• Problem statement: Scan the records for lines with the word "complete", and copy every such line.

[Opening Task input section]

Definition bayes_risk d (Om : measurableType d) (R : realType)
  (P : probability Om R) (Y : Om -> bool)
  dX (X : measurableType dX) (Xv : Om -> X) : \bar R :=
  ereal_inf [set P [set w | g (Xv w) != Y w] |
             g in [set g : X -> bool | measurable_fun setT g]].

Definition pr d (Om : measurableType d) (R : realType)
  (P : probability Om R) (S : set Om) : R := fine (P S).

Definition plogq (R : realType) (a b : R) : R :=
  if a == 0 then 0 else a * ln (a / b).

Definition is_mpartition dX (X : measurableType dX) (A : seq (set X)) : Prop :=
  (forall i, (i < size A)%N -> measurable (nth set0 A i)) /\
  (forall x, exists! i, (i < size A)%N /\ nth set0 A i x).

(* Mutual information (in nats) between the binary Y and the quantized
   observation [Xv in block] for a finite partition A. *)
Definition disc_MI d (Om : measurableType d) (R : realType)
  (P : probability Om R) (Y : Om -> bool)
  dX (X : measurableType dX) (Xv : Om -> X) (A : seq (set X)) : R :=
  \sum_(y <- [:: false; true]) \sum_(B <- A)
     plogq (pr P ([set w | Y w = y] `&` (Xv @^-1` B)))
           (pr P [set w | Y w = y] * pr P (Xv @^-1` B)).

[Closing Task input section]
[Opening Task input section]

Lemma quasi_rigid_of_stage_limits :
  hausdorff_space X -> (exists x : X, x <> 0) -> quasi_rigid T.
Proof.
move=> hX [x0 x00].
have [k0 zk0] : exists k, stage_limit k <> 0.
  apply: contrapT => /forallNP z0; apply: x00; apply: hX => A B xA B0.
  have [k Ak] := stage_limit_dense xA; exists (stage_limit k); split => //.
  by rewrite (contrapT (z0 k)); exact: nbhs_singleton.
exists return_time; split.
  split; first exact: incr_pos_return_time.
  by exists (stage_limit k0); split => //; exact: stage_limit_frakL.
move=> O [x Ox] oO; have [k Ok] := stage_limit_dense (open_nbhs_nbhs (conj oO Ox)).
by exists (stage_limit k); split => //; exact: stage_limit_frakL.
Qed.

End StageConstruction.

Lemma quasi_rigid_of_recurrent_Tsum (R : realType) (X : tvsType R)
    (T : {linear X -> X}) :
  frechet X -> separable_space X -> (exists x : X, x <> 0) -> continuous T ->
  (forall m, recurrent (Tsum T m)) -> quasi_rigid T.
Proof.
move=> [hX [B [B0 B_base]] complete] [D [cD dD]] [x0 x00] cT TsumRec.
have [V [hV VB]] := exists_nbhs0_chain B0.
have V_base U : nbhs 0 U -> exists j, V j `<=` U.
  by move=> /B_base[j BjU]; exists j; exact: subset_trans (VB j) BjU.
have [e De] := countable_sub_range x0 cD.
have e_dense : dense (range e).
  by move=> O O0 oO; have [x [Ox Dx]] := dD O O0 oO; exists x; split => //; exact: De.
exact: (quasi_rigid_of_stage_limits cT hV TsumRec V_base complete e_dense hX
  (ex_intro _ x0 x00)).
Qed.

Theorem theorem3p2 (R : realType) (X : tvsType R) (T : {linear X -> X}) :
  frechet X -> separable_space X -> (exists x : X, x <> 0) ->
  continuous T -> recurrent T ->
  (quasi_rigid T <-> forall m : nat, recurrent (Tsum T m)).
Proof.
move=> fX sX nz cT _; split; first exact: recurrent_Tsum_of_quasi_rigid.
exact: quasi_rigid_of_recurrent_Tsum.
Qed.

[Closing Task input section]

• Final answer:
move=> [hX [B [B0 B_base]] complete] [D [cD dD]] [x0 x00] cT TsumRec.
exact: (quasi_rigid_of_stage_limits cT hV TsumRec V_base complete e_dense hX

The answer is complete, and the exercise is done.